Not completely sure, but I think it will likely work as it is for llama as both are BPE following same rules.
Consider the input string " grabbed".
If we wanted to map this string to tokens by greedily going from left to right and choosing tokens from the vocabulary with the strategy of minimizing the number of tokens, our algorithm would be very simple. We would end up with the following tokenization: [17229, 2580] == [" grab", "bed"]
Surprisingly, the LLaMA tokenizer does not work this way. It actually finds a "worse" tokenization for this input string: [2646, 1327, 287] == [" gra", "bb", "ed"]
The tokenizer arrives at this 3 token output by applying "merges" in a priority order. For example, this is a merge: [" g", "r"] -> " gr". The trained data contains tens of thousands of these merges. When we apply the merges in the priority order, we end up with 3 tokens.
Now you might be thinking, that's easy, we'll just iterate the list of merges and see if any of them apply. Only problem with that approach is that applying a merge can open up a new opportunity to merge something else that wasn't possible before. This right here is the key thing that makes this problem complicated. We can solve this problem by iterating all possible merges from the beginning after every time we apply a merge. This would produce the correct solution. Only problem is: our algorithm is now very slow and takes minutes to run...
However, at some point I realized that I needed not really the tokens, but the token count, as my most important use was implementing a Token Buffer Memory (trim messages from the beginning in such a way that you never exceed a context size number of tokens). And in order to do that I don't need it to be exactly right, just mostly right, if I am ok with slightly suboptimal efficiency (keeping slightly less tokens than the model supports). So, I took files from Project Gutenberg, and compared the ratio of tokens I get using a proper tokenizer and just calling `strings.Split`, and it seems to be remarkably stable for a given model and language (multiply the length of the result of splitting on spaces by 1.55 for OpenAI and 1.7 for Claude, which leaves a tiny safety margin).
I'm not throwing shade at this project – just being able to call the tokenizer would've saved me a lot of time. But I hope that if I'm wrong about the estimates bring good enough some good person will point out the error of my ways :)

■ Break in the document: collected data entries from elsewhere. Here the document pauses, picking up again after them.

Lemma share_pair_notin_E0 f g : share f g -> (f \notin Z) && (g \notin Z).
Proof.
rewrite /share_pair /both_in !inE /mult.
by case: (f \in M1); case: (f \in M2); case: (f \in M3);
  case: (g \in M1); case: (g \in M2); case: (g \in M3).
Qed.

Section Equality.
Hypotheses (tight1 : count_tight src tgt M1 Z) (tight2 : count_tight src tgt M2 Z)
  (tight3 : count_tight src tgt M3 Z)
  (alone_any : forall e, e \in Z -> [|| alone M1 e, alone M2 e | alone M3 e]).

Lemma deg_E0_ends e : e \in Z -> deg Z (src e) = 1 /\ deg Z (tgt e) = 1.
Proof.
move=> eZ; case/or3P: (alone_any eZ) => e_alone.
- by have [] := alone_ends cub t123 (loopless e) eZ e_alone.
- by have [] := alone_ends cub t213 (loopless e) eZ e_alone.
- by have [] := alone_ends cub t312 (loopless e) eZ e_alone.
Qed.

Lemma core_vertex_deg v : v \in core_vertices src tgt M1 M2 M3 ->
  [/\ deg Z v = 1, deg E2 v = 1 & deg E3 v = 0].
Proof.
rewrite inE => /existsP [e /andP [e_core ev]].
have : 0 < deg core v by apply/deg_gt0P; exists e.
have : deg Z v <= 1.
  case: (posnP (deg Z v)) => [-> // | /deg_gt0P [f fZ /orP [] /eqP <-]].
    by have [-> _] := deg_E0_ends fZ.
  by have [_ ->] := deg_E0_ends fZ.
by rewrite deg_core; have := deg_E0 v; split; lia.
Qed.

Lemma core_edge_E0_or_E2 e : e \in core -> (e \in Z) || (e \in E2).
Proof.
move=> e_core; have src_core : src e \in core_vertices src tgt M1 M2 M3.
  by apply: (core_vertex_of_edge e_core); rewrite eqxx.
have [_ _ E3_0] := core_vertex_deg src_core.
move: e_core; rewrite !in_setU => /orP [/orP [] -> | e3]; rewrite ?orbT //.
suff : 0 < deg E3 (src e) by rewrite E3_0.
by apply/deg_gt0P; exists e; rewrite ?eqxx.
Qed.

Lemma cyclic_core_eq : cyclic_core src tgt M1 M2 M3.
Proof. by move=> v /core_vertex_deg [Z1 E21 E30]; rewrite deg_core Z1 E21 E30. Qed.

Lemma no_shared_pair2 e a b f g : e \in Z -> joins e a b ->
  incident f a -> incident g b -> ~~ share f g.
Proof.
move=> eZ e_ab fa gb; case/or3P: (alone_any eZ) => e_alone.
- exact: (alone_no_shared_pair cub t123 (loopless e) eZ e_alone e_ab fa gb).
- by rewrite -share_pairC12 (alone_no_shared_pair cub t213 (loopless e) eZ e_alone e_ab fa gb).
- by rewrite -share_pairC23 -share_pairC12
    (alone_no_shared_pair cub t312 (loopless e) eZ e_alone e_ab fa gb).
Qed.

(* By [no_shared_pair2] across q1, the pairs of q0 and q2 differ, so they meet in one
   factor B and [tight_no_shared_pair] applies with A the other factor of q0's pair. *)
Lemma no_shared_pair4 q0 q1 q2 q3 q4 a1 a2 a3 a4 :
  share q0 q4 -> incident q0 a1 -> incident q4 a4 -> a1 != a4 -> q1 != q3 ->
  q1 \in Z -> joins q1 a1 a2 -> q2 \in E2 -> joins q2 a2 a3 ->
  q3 \in Z -> joins q3 a3 a4 -> False.
Proof.
move=> sh04 q0a1 q4a4 a14 q13 q1Z j1 q2E2 j2 q3Z j3.
have := no_shared_pair2 q1Z j1 q0a1 (joins_incident j2).1.
move: q2E2 sh04; rewrite inE /mult /share_pair.
case m1: (q2 \in M1); case m2: (q2 \in M2); case m3: (q2 \in M3) => //= _ /or3P [] sh no02.
all: try by move: sh no02; rewrite /share_pair /both_in !inE m1 m2 m3 => /andP [/andP [-> ->] _];
  rewrite ?orbT.
- by apply: (tight_no_shared_pair cub t312 tight3 _ q0a1 q4a4 a14 q13 q1Z j1 _ _ _ j2 q3Z j3);
    rewrite ?m1 ?m2 ?m3 ?sh // both_inC.
- by apply: (tight_no_shared_pair cub t321 tight3 _ q0a1 q4a4 a14 q13 q1Z j1 _ _ _ j2 q3Z j3);
    rewrite ?m1 ?m2 ?m3 ?sh // both_inC.
- by apply: (tight_no_shared_pair cub t213 tight2 _ q0a1 q4a4 a14 q13 q1Z j1 _ _ _ j2 q3Z j3);
    rewrite ?m1 ?m2 ?m3 ?sh // both_inC.
- by apply: (tight_no_shared_pair cub t231 tight2 _ q0a1 q4a4 a14 q13 q1Z j1 _ _ _ j2 q3Z j3);
    rewrite ?m1 ?m2 ?m3 ?sh // both_inC.
- by apply: (tight_no_shared_pair cub t123 tight1 _ q0a1 q4a4 a14 q13 q1Z j1 _ _ _ j2 q3Z j3);
    rewrite ?m1 ?m2 ?m3 ?sh // both_inC.
- by apply: (tight_no_shared_pair cub t132 tight1 _ q0a1 q4a4 a14 q13 q1Z j1 _ _ _ j2 q3Z j3);
    rewrite ?m1 ?m2 ?m3 ?sh // both_inC.
Qed.

Section CorePath.
Variables (P : nat -> V) (Q : nat -> E).
Hypotheses (P_inj : forall n m, n < 6 -> m < 6 -> P n = P m -> n = m)
  (Q_path : forall n, n < 5 -> Q n \in core /\ joins (Q n) (P n) (P n.+1)).

Lemma core_path_step n : n < 4 -> (Q n.+1 \in Z) = ~~ (Q n \in Z).
Proof.
move=> n4; have [e_core e_path] : Q n \in core /\ joins (Q n) (P n) (P n.+1) by apply: Q_path; lia.
have [f_core f_path] : Q n.+1 \in core /\ joins (Q n.+1) (P n.+1) (P n.+2) by apply: Q_path.
have ev := (joins_incident e_path).2; have fv := (joins_incident f_path).1.
have [Z1 E21 _] := core_vertex_deg (core_vertex_of_edge e_core ev).
have ef : Q n != Q n.+1.
  apply/eqP => ef; rewrite -ef in f_path.
  by have := P_inj _ _ (joins_other e_path f_path); lia.
have := core_edge_E0_or_E2 e_core; have := core_edge_E0_or_E2 f_core.
case eZ: (Q n \in Z); case fZ: (Q n.+1 \in Z) => //= fE2 eE2.
- by have := deg_gt1 ef eZ fZ ev fv; rewrite Z1.
- by have := deg_gt1 ef eE2 fE2 ev fv; rewrite E21.
Qed.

This sounds reasonable to me. You might also want to consider estimates based on the number of characters. And you also need a fallback for what to do when the user inputs some weird input that doesn't fall inside your safety margin, but instead causes OpenAI API to return an error (maybe in that case you aggressively trim the input and retry?)

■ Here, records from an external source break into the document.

(* Let $N$ be a finite group, let $\pi$ be the set of prime divisors of $|N|$, and assume that $\mathrm{Hol}(N)$ has a unique Hall $\pi$-subgroup $Q$. Let $G$ be a subgroup of $\mathrm{Hol}(N)$ and $H$ any subgroup of $G$. Then: (a) if $G$ is transitive, then $G\cap Q$ is also transitive; (b) if every prime factor of $[G:H]$ divides $|N|$, then $[G:H]=[G\cap Q:H\cap Q]$.
   Context: $\mathrm{Hol}(N)=N\rtimes\mathrm{Aut}(N)$ acts on $N$ by $(\eta,\alpha)\cdot x=\eta\,\alpha(x)$; a subgroup is transitive if it acts transitively on $N$. *)

From mathcomp Require Import all_boot all_fingroup all_solvable.
Set Implicit Arguments. Unset Strict Implicit. Unset Printing Implicit Defensive.
Local Open Scope group_scope.

(* The holomorph Hol(N) = N x| Aut(N) of a finite group N (here N is the whole
   finGroupType gT), realized faithfully through its natural action on N:
   the pair (eta, alpha) acts as x |-> eta * alpha x. *)
Definition holo (gT : finGroupType) : {set {perm gT}} :=
  [set p : {perm gT} | [exists eta : gT, exists a in Aut [set: gT],
                          [forall x : gT, p x == eta * a x]]].

Definition transitive_on_N (gT : finGroupType) (G : {set {perm gT}}) : bool :=
  [transitive G, on [set: gT] | 'P].

From mathcomp Require Import all_boot all_fingroup all_solvable.
Set Implicit Arguments. Unset Strict Implicit. Unset Printing Implicit Defensive.
Local Open Scope group_scope.

(* Being the unique Hall pi-subgroup of Hol(N), Q is normal, so G :&: Q is a
   Hall pi-subgroup of every subgroup G of Hol(N).  Hence for H <= G of
   pi-index, #|G : H| = #|G|_pi / #|H|_pi = #|G :&: Q : H :&: Q|.  A transitive
   G has the stabiliser of 1 of index #|N|, a pi-number; since the stabiliser
   of 1 in G :&: Q is that stabiliser intersected with Q, the orbit of 1 under
   G :&: Q also has #|N| points. *)

Lemma holo_group_set (gT : finGroupType) : group_set (holo gT).
Proof.
apply/group_setP; split.
  rewrite inE; apply/existsP; exists 1; apply/existsP; exists 1.
  by rewrite group1; apply/forallP => x; rewrite !perm1 mul1g.
move=> p q; rewrite !inE => /existsP[e /existsP[a /andP[Aa /forallP pE]]].
move=> /existsP[f /existsP[b /andP[Ab /forallP qE]]].
apply/existsP; exists (f * b e); apply/existsP; exists (a * b).
rewrite groupM //=; apply/forallP => x.
have bM := morphicP (Aut_morphic Ab).
by rewrite !permM (eqP (pE x)) (eqP (qE _)) bM ?in_setT // mulgA.
Qed.

Canonical holo_group (gT : finGroupType) := Group (holo_group_set gT).

Lemma Hall_normal_uniq (gT : finGroupType) pi (K Q : {group gT}) :
    pi.-Hall(K) Q -> (forall Q' : {group gT}, pi.-Hall(K) Q' -> Q' = Q) ->
  Q <| K.
Proof.
move=> hallQ uniqQ; rewrite /normal (pHall_sub hallQ); apply/subsetP => x Kx.
suff /(congr1 val) /= QxQ : (Q :^ x)%G = Q by rewrite inE QxQ.
by apply: uniqQ; rewrite /= -{1}(conjGid Kx) pHallJ2.
Qed.

Lemma indexgI_normal_Hall (gT : finGroupType) pi (K Q G H : {group gT}) :
    pi.-Hall(K) Q -> Q <| K -> G \subset K -> H \subset G ->
    pi.-nat #|G : H| ->
  #|G : H| = #|G :&: Q : H :&: Q|.
Proof.
move=> hallQ nsQK sGK sHG piGH.
have cardIQ (L : {group gT}) : L \subset K -> #|L :&: Q| = (#|L|`_pi)%N.
  by move=> sLK; rewrite setIC (card_Hall (setI_normal_Hall nsQK hallQ sLK)).
apply/eqP; rewrite -(eqn_pmul2l (cardG_gt0 (H :&: Q)%G)) Lagrange ?setSI //.
rewrite !cardIQ ?(subset_trans sHG) // -(Lagrange sHG).
by rewrite partnM ?cardG_gt0 ?indexg_gt0 // (part_pnat_id piGH).
Qed.

Lemma pnat_prime_dvd m n :
  0 < m -> 0 < n -> (forall p, prime p -> p %| m -> p %| n) -> \pi(n).-nat m.
Proof.
move=> m_gt0 n_gt0 dvd_mn; apply/pnatP => // p p_pr p_m.
by rewrite mem_primes p_pr n_gt0 dvd_mn.
Qed.

Lemma atransT_card_orbit (T : finType) (G : {group {perm T}}) x :
  [transitive G, on [set: T] | 'P] = (#|orbit 'P G x| == #|T|).
Proof.
apply/idP/idP => [trG | /eqP orbG]; first by rewrite (atransP trG) ?cardsT.
apply/imsetP; exists x => //; apply/eqP; rewrite -cardsT in orbG.
by rewrite eq_sym eqEcard subsetT -orbG leqnn.
Qed.

Theorem lemma2p1 (gT : finGroupType) (Q : {group {perm gT}})
  (hQ : \pi(#|gT|).-Hall(holo gT) Q)
  (uQ : forall Q' : {group {perm gT}}, \pi(#|gT|).-Hall(holo gT) Q' -> Q' = Q)
  (G H : {group {perm gT}}) (sGHol : G \subset holo gT) (sHG : H \subset G) :
  (transitive_on_N G -> transitive_on_N (G :&: Q)) /\
  ((forall p : nat, prime p -> p %| #|G : H| -> p %| #|gT|) ->
     #|G : H| = #|G :&: Q : H :&: Q|).
Proof.
have nsQ : Q <| holo_group gT := Hall_normal_uniq hQ uQ.
have gT_gt0 : 0 < #|gT| by apply/card_gt0P; exists 1.
split=> [|dvdGH].
  rewrite /transitive_on_N !(atransT_card_orbit _ 1) !card_orbit => /eqP orbG.
  have piG1 : \pi(#|gT|).-nat #|G : 'C_G[1 | 'P]| by rewrite orbG pnat_pi.
  by rewrite setIAC -(indexgI_normal_Hall hQ nsQ sGHol (subsetIl _ _) piG1) orbG.
apply: (indexgI_normal_Hall hQ nsQ sGHol sHG).
exact: pnat_prime_dvd (indexg_gt0 G H) gT_gt0 dvdGH.
Qed.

One time I suggested this, got downvoted to hell.
To be fair to the downvoters, I quoted OpenAIs 7 tokens per word(on their tutorial page).
Seems incredibly unrealistic in hindsight, but at the time, things were fresh. Also, I think most people wanted something more robust than a linear calculation.
I know Word2Vec is a thing but I believe that is on a word by word basis, and doesn't capture the semantic meaning of whole sentences and paragraphs.
They charge so little for embeddings I secretly hope they do open source it. Because if for some reason it is stopped, any search functionality or the like that relies upon the API would cease to function
Models under sentence-transformers are commonly used by people.